DESCRIPTION (provided by applicant): The ability of HIV-1 to utilize the cellular machinery for nuclear entry allows the virus to infect resting CD4+ T cells and tissue macrophages, the two non-dividing cell types believed to play critical roles in HIV-1 transmission, persistence and pathogenesis. However, the precise mechanism and specific requirement of nuclear entry in HIV-1 replication remains unclear. Capsid is the major determinant for HIV-1 infection of non-dividing cells but also dictates the dependence of HIV-1 on TNPO3, a host molecule recently implicated in HIV-1 nuclear entry. Our preliminary studies found a perfect correlation between the dependence of HIV-1 capsid mutants on TNPO3 and their ability to infect non-dividing cells. The hypothesis being tested in this project is that the capsid protein regulates HIV-1 nuclear entry by assisting intracellular virus complexes in hijacking the TNPO3-dependent cellular machinery and this ability is critical for HIV-1 replication in vivo. In Aim 1, we will determine hw the HIV-1 capsid protein determines TNPO3 usage by HIV-1 and how TNPO3 and other host factors promote HIV-1 nuclear entry. We will next define the specific requirement of this TNPO3-dependent nuclear entry for HIV-1 replication in vivo. In Aim 2, we will study a unique case of HIV-1 capsid evolution in patients carrying the HLA-B27. Preliminary data suggests recurrent selection of TNPO3- dependent viruses in these patients. In Aim 3, we will combine our genetic data with a well-studied macaque model of HIV-1 by using simian immunodeficiency virus (SIV) to directly address the importance of nuclear entry in vivo. Here we will generate and utilize TNPO3-independent SIV mutants, which either retain or lose the ability to infect non-dividing cells. Successful completion of this proposed research will help us understand the mechanism by which HIV-1 exploits the nuclear transport machinery to maximize its propagation.

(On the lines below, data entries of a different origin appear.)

(* Let $\Delta\subset\mathbb{R}^n_{\ge0}$ be a Newton polyhedron with a loose edge $E$ with endpoints $a=(a_1,\dots,a_n)$ and $b=(b_1,\dots,b_n)$. If $\min(a_1,b_1)=\dots=\min(a_n,b_n)=0$, then $a$ and $b$ are the only vertices of $\Delta$.
   Context: A Newton polyhedron is the convex hull of $S+\mathbb{R}^n_{\ge0}$ for a nonempty finite set $S\subset\mathbb{Z}^n_{\ge0}$. For $\xi\in\mathbb{R}^n_{\ge0}$, the face $\Delta^\xi=\{a\in\Delta:\langle\xi,a\rangle=\min_{b\in\Delta}\langle\xi,b\rangle\}$; it is compact iff $\xi\in\mathbb{R}^n_{>0}$. Vertices and edges are faces of dimension 0 and 1; a loose edge is a compact edge not contained in any compact face of dimension $\ge2$. *)

From mathcomp Require Import all_boot all_order all_algebra.
Set Implicit Arguments. Unset Strict Implicit. Unset Printing Implicit Defensive.
Import Order.TTheory GRing.Theory Num.Theory.
Local Open Scope ring_scope.

Section NewtonDefs.
Variables (R : realFieldType) (n : nat).
Notation pt := 'rV[R]_n.

Definition conv_hull (A : pt -> Prop) : pt -> Prop := fun x =>
  exists (m : nat) (p : 'I_m -> pt) (w : 'I_m -> R),
    (forall i, A (p i)) /\ (forall i, 0 <= w i) /\
    \sum_(i < m) w i = 1 /\ x = \sum_(i < m) w i *: p i.

(* S + R^n_{>=0}, for S a finite set of points of Z^n_{>=0} *)
Definition shifted (S : seq 'rV[nat]_n) : pt -> Prop := fun x =>
  exists2 s, s \in S & forall i, ((s 0 i)%:R : R) <= x 0 i.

描述（由申请人提供）：HIV-1利用细胞机制进入细胞核的能力使病毒能够感染静息的CD4+ T细胞和组织巨噬细胞，这两种非分裂细胞类型被认为在HIV-1的传播、持续和发病中起关键作用。然而，HIV-1复制中核进入的确切机制和具体要求尚不清楚。衣壳是HIV-1感染非分裂细胞的主要决定因素，但也决定了HIV-1对TNPO3的依赖性，TNPO3是一种最近与HIV-1核进入有关的宿主分子。我们的初步研究发现，HIV-1衣壳突变体对TNPO3的依赖性与其感染非分裂细胞的能力之间存在完美的相关性。在这个项目中测试的假设是，衣壳蛋白通过协助细胞内病毒复合物劫持依赖tnpo3的细胞机制来调节HIV-1的核进入，这种能力对HIV-1在体内的复制至关重要。在Aim 1中，我们将确定HIV-1衣壳蛋白如何决定HIV-1对TNPO3的使用，以及TNPO3和其他宿主因子如何促进HIV-1进入核。接下来，我们将定义这种依赖tnpo3的核进入对HIV-1体内复制的具体要求。在Aim 2中，我们将研究携带HLA-B27的患者中HIV-1衣壳进化的独特案例。初步资料显示，这些患者反复选择依赖TNPO3的病毒。在Aim 3中，我们将通过使用猴免疫缺陷病毒（SIV）将我们的遗传数据与经过充分研究的HIV-1猕猴模型结合起来，直接解决体内核进入的重要性。在这里，我们将产生和利用不依赖tnpo3的SIV突变体，这些突变体要么保留要么失去感染非分裂细胞的能力。这项研究的成功完成将有助于我们了解HIV-1利用核转运机制最大化其传播的机制。